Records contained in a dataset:

§ §

(* Let $Q\subset\mathbb R^2$ be a polygonal set with center of mass $\overline{\mathbf x}_Q$, and let $\mathcal T^Q$ be a conforming triangulation of $Q$ into triangles, with set of triangles $\mathcal M^Q$ and set of boundary edges $\mathcal E^Q_{\rm ext}$ (edges lying on $\partial Q$). For each triangle $T$ let $\mathbf c_T$ be its circumcenter and $\overline{\mathbf x}_T$ its center of mass; for each edge $\sigma$ let $\mathbf a_1^\sigma,\mathbf a_2^\sigma$ be its endpoints. Then $$\sum_{T\in\mathcal M^Q}|T|(\mathbf c_T-\overline{\mathbf x}_T)=\sum_{\sigma\in\mathcal E^Q_{\rm ext}}|\sigma|\,\frac{|\mathbf a_1^\sigma-\overline{\mathbf x}_Q|^2+|\mathbf a_2^\sigma-\overline{\mathbf x}_Q|^2}{4}\,\mathbf n_{Q,\sigma},$$ where $\mathbf n_{Q,\sigma}$ is the unit outer normal to $Q$ on $\sigma$ and $|T|,|\sigma|$ are area and length.
   Context: A conforming triangulation: triangles with pairwise disjoint interiors covering $Q$, any two of which intersect in empty set, a common vertex, or a common edge. *)

From HB Require Import structures.
From mathcomp Require Import all_boot all_order all_algebra.
Set Implicit Arguments. Unset Strict Implicit. Unset Printing Implicit Defensive.
Import Order.TTheory GRing.Theory Num.Theory.
Local Open Scope ring_scope.

Section Geom.
Variable R : rcfType.

Definition point := (R * R)%type.
Definition padd (p q : point) : point := (p.1 + q.1, p.2 + q.2).
Definition psub (p q : point) : point := (p.1 - q.1, p.2 - q.2).
Definition pscale (k : R) (p : point) : point := (k * p.1, k * p.2).
Definition pzero : point := (0, 0).
Definition dot (p q : point) : R := p.1 * q.1 + p.2 * q.2.
Definition nrm2 (p : point) : R := dot p p.
Definition nrm (p : point) : R := Num.sqrt (nrm2 p).

Definition triangle := (point * point * point)%type.
Definition tA (T : triangle) : point := T.1.1.
Definition tB (T : triangle) : point := T.1.2.
Definition tC (T : triangle) : point := T.2.

Definition det2 (p q : point) : R := p.1 * q.2 - p.2 * q.1.
Definition sdet (T : triangle) : R := det2 (psub (tB T) (tA T)) (psub (tC T) (tA T)).
Definition nondegenerate (T : triangle) : Prop := sdet T != 0.
Definition tarea (T : triangle) : R := `|sdet T| / 2.
Definition tcentroid (T : triangle) : point :=
  pscale (3%:R)^-1 (padd (tA T) (padd (tB T) (tC T))).
Definition vertices (T : triangle) : seq point := [:: tA T; tB T; tC T].

Definition in_tri (T : triangle) (p : point) : Prop :=
  exists l1 l2 l3 : R, [/\ 0 <= l1, 0 <= l2, 0 <= l3, l1 + l2 + l3 = 1 &
    p = padd (pscale l1 (tA T)) (padd (pscale l2 (tB T)) (pscale l3 (tC T)))].
Definition in_tri_int (T : triangle) (p : point) : Prop :=
  exists l1 l2 l3 : R, [/\ 0 < l1, 0 < l2, 0 < l3, l1 + l2 + l3 = 1 &
    p = padd (pscale l1 (tA T)) (padd (pscale l2 (tB T)) (pscale l3 (tC T)))].
Definition in_seg (a b p : point) : Prop :=
  exists t : R, [/\ 0 <= t, t <= 1 & p = padd (pscale (1 - t) a) (pscale t b)].

Definition good_intersection (T1 T2 : triangle) : Prop :=
  (forall p, ~ (in_tri T1 p /\ in_tri T2 p)) \/
  (exists v, [/\ v \in vertices T1, v \in vertices T2 &
      forall p, (in_tri T1 p /\ in_tri T2 p) <-> p = v]) \/
  (exists u v, [/\ u != v, (u \in vertices T1) && (v \in vertices T1),
      (u \in vertices T2) && (v \in vertices T2) &
      forall p, (in_tri T1 p /\ in_tri T2 p) <-> in_seg u v p]).

Definition conforming (Tr : seq triangle) : Prop :=
  (forall T, T \in Tr -> nondegenerate T) /\
  (forall i j, (i < size Tr)%N -> (j < size Tr)%N -> i <> j ->
     let T1 := nth (pzero, pzero, pzero) Tr i in
     let T2 := nth (pzero, pzero, pzero) Tr j in
     (forall p, ~ (in_tri_int T1 p /\ in_tri_int T2 p)) /\
     good_intersection T1 T2).

Definition inQ (Tr : seq triangle) (p : point) : Prop :=
  exists2 T, T \in Tr & in_tri T p.

(* topological boundary of Q (Q is closed) *)
Definition on_boundary (Tr : seq triangle) (p : point) : Prop :=
  inQ Tr p /\ forall eps : R, 0 < eps ->
    exists q, nrm2 (psub q p) < eps /\ ~ inQ Tr q.

Definition is_edge_of (T : triangle) (a b : point) : Prop :=
  [/\ a != b, a \in vertices T & b \in vertices T].

Definition boundary_edge (Tr : seq triangle) (a b : point) : Prop :=
  (exists2 T, T \in Tr & is_edge_of T a b) /\
  (forall p, in_seg a b p -> on_boundary Tr p).

(* E enumerates the set E^Q_ext of boundary edges, each unoriented edge
   exactly once (in one of its two orientations) *)
Definition enumerates_boundary_edges (Tr : seq triangle) (E : seq (point * point)) : Prop :=
  (forall e, e \in E -> boundary_edge Tr e.1 e.2) /\
  (forall a b, boundary_edge Tr a b ->
     count (fun e => (e == (a, b)) || (e == (b, a))) E = 1%N).

Definition unit_outer_normal (Tr : seq triangle) (a b n : point) : Prop :=
  [/\ nrm2 n = 1, dot n (psub b a) = 0 &
    exists2 delta : R, 0 < delta & forall t : R, 0 < t -> t < delta ->
      ~ inQ Tr (padd (pscale (2%:R)^-1 (padd a b)) (pscale t n))].

Definition is_circumcenter (T : triangle) (c : point) : Prop :=
  nrm2 (psub (tA T) c) = nrm2 (psub (tB T) c) /\
  nrm2 (psub (tA T) c) = nrm2 (psub (tC T) c).

Definition psum (I : Type) (s : seq I) (F : I -> point) : point :=
  foldr (fun i acc => padd (F i) acc) pzero s.

Definition Qarea (Tr : seq triangle) : R := \sum_(T <- Tr) tarea T.
Definition Qcentroid (Tr : seq triangle) : point :=
  pscale (Qarea Tr)^-1 (psum Tr (fun T => pscale (tarea T) (tcentroid T))).

End Geom.

(* Orient every triangle counterclockwise and let [x] be any point.  For a
   triangle with circumcenter [c], the boundary terms of its three edges, taken
   with [x] in place of the centroid of [Q], add up to [|T| (c - x)]: expanding
   [|a - x|^2] around [c], the three equal circumradii reduce this to a
   polynomial identity.  Summing over the triangulation, an interior edge occurs
   in both orientations and its two terms cancel, while a counterclockwise edge
   whose reverse does not occur is a boundary edge of [Q] whose outer normal
   points to its right, which fixes the sign of its term.  Finally [x] may be
   taken to be the centroid of [Q], because [\sum_T |T| (x_T - x_Q) = 0]. *)

From HB Require Import structures.
From mathcomp Require Import all_boot all_order all_algebra.
From mathcomp Require Import ring lra.
Import Order.TTheory GRing.Theory Num.Theory.
Local Open Scope ring_scope.

Set Implicit Arguments. Unset Strict Implicit. Unset Printing Implicit Defensive.

Lemma uniq_flatten_nth (X Y : eqType) (x0 : X) (s : seq X) (f : X -> seq Y) :
  (forall i, (i < size s)%N -> uniq (f (nth x0 s i))) ->
  (forall i j y, (i < size s)%N -> (j < size s)%N ->
      y \in f (nth x0 s i) -> y \in f (nth x0 s j) -> i = j) ->
  uniq (flatten (map f s)).
Proof.
elim: s => [|x s IH] //= hu hd; rewrite cat_uniq (hu 0%N) //=; apply/andP; split.
  apply/hasPn => y /flatten_mapP [z zs yz]; apply/negP => yx.
  have hz : ((index z s).+1 < size (x :: s))%N by rewrite /= ltnS index_mem.
  by have := hd 0%N _ y isT hz; rewrite /= nth_index // => /(_ yx yz).
apply: IH => [i hi|i j y hi hj hyi hyj]; first exact: (hu i.+1).
by case: (hd i.+1 j.+1 y hi hj hyi hyj).
Qed.

Section Plane.
Variable R : rcfType.
Implicit Types (p q u v : point R) (t T : triangle R).

Lemma psumE (I : Type) (s : seq I) (F : I -> point R) : psum s F = \sum_(i <- s) F i.
Proof. by elim: s => [|i s IH] /=; rewrite ?big_nil ?big_cons ?IH. Qed.

Lemma point_eq p q : p.1 = q.1 -> p.2 = q.2 -> p = q.
Proof. by case: p q => [? ?] [? ?] /= -> ->. Qed.

Lemma point_sum1 (I : Type) (s : seq I) (F : I -> point R) :
  (\sum_(i <- s) F i).1 = \sum_(i <- s) (F i).1.
Proof. by elim: s => [|i s IH]; rewrite ?big_nil ?big_cons //= IH. Qed.

Lemma point_sum2 (I : Type) (s : seq I) (F : I -> point R) :
  (\sum_(i <- s) F i).2 = \sum_(i <- s) (F i).2.
Proof. by elim: s => [|i s IH]; rewrite ?big_nil ?big_cons //= IH. Qed.

Lemma pscaleM (k l : R) p : pscale (k * l) p = pscale l (pscale k p).
Proof. by apply: point_eq; rewrite /pscale /=; ring. Qed.

Lemma point_eqN0 p : p = - p -> p = 0.
Proof.
case: p => x y [Ex Ey]; apply: point_eq => /=.
- by move: Ex; lra.
- by move: Ey; lra.
Qed.

Lemma nrm2_sub_gt0 p q : p != q -> 0 < nrm2 (psub q p).
Proof.
case: p q => [p1 p2] [q1 q2] hpq; rewrite /nrm2 /dot /psub /= -!expr2.
rewrite lt_neqAle addr_ge0 ?sqr_ge0 // andbT eq_sym paddr_eq0 ?sqr_ge0 //.
rewrite !sqrf_eq0 !subr_eq0.
by apply: contra hpq => /andP [/eqP -> /eqP ->].
Qed.

(* Lagrange's identity for a unit vector [n] orthogonal to [v]. *)
Lemma nrm2_orthoE v n : dot n v = 0 -> nrm2 n = 1 -> nrm2 v = det2 v n ^+ 2.
Proof.
move=> hd hn; rewrite -[nrm2 v]mulr1 -hn.
have -> : nrm2 v * nrm2 n = det2 v n ^+ 2 + dot n v ^+ 2.
  by rewrite /nrm2 /dot /det2; ring.
by rewrite hd expr0n /= addr0.
Qed.

Definition trot t : triangle R := (tB t, tC t, tA t).
Definition tswap t : triangle R := (tB t, tA t, tC t).

Definition ccw_orders T : seq (triangle R) :=
  if 0 < sdet T then [:: T; trot T; trot (trot T)]
  else [:: tswap T; tswap (trot T); tswap (trot (trot T))].

Definition tedge t : point R * point R := (tA t, tB t).
Definition eflip (e : point R * point R) : point R * point R := (e.2, e.1).

Lemma eflipK : involutive eflip.
Proof. by case. Qed.

Lemma trot3 t : trot (trot (trot t)) = t.
Proof. by case: t => [[A B] C]. Qed.

Lemma tswapK t : tswap (tswap t) = t.
Proof. by case: t => [[A B] C]. Qed.

Lemma sdet_trot t : sdet (trot t) = sdet t.
Proof. case: t => [[[a1 a2] [b1 b2]] [c1 c2]]; rewrite /sdet /det2 /=; ring. Qed.

Lemma sdet_tswap t : sdet (tswap t) = - sdet t.
Proof. case: t => [[[a1 a2] [b1 b2]] [c1 c2]]; rewrite /sdet /det2 /=; ring. Qed.

Lemma sdet_neq0_vertices t :
  sdet t != 0 -> [/\ tA t != tB t, tB t != tC t & tC t != tA t].
Proof.
case: t => [[[a1 a2] [b1 b2]] [c1 c2]]; rewrite /tA /tB /tC /= => h.
split; apply/eqP => -[E1 E2]; move/eqP: h; apply;
  rewrite /sdet /det2 /psub /tA /tB /tC /= ?E1 ?E2; ring.
Qed.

§ §

> _Task directions_: Starting at the line above that contains "with [x] in", write out each line exactly until the line that contains "(forall i, (i" has been written, and stop there.

> _Response to the exercise_:
   with [x] in place of the centroid of [Q], add up to [|T| (c - x)]: expanding
   [|a - x|^2] around [c], the three equal circumradii reduce this to a
   polynomial identity.  Summing over the triangulation, an interior edge occurs
   in both orientations and its two terms cancel, while a counterclockwise edge
   whose reverse does not occur is a boundary edge of [Q] whose outer normal
   points to its right, which fixes the sign of its term.  Finally [x] may be
   taken to be the centroid of [Q], because [\sum_T |T| (x_T - x_Q) = 0]. *)

From HB Require Import structures.
From mathcomp Require Import all_boot all_order all_algebra.
From mathcomp Require Import ring lra.
Import Order.TTheory GRing.Theory Num.Theory.
Local Open Scope ring_scope.

Set Implicit Arguments. Unset Strict Implicit. Unset Printing Implicit Defensive.

Lemma uniq_flatten_nth (X Y : eqType) (x0 : X) (s : seq X) (f : X -> seq Y) :
  (forall i, (i < size s)%N -> uniq (f (nth x0 s i))) ->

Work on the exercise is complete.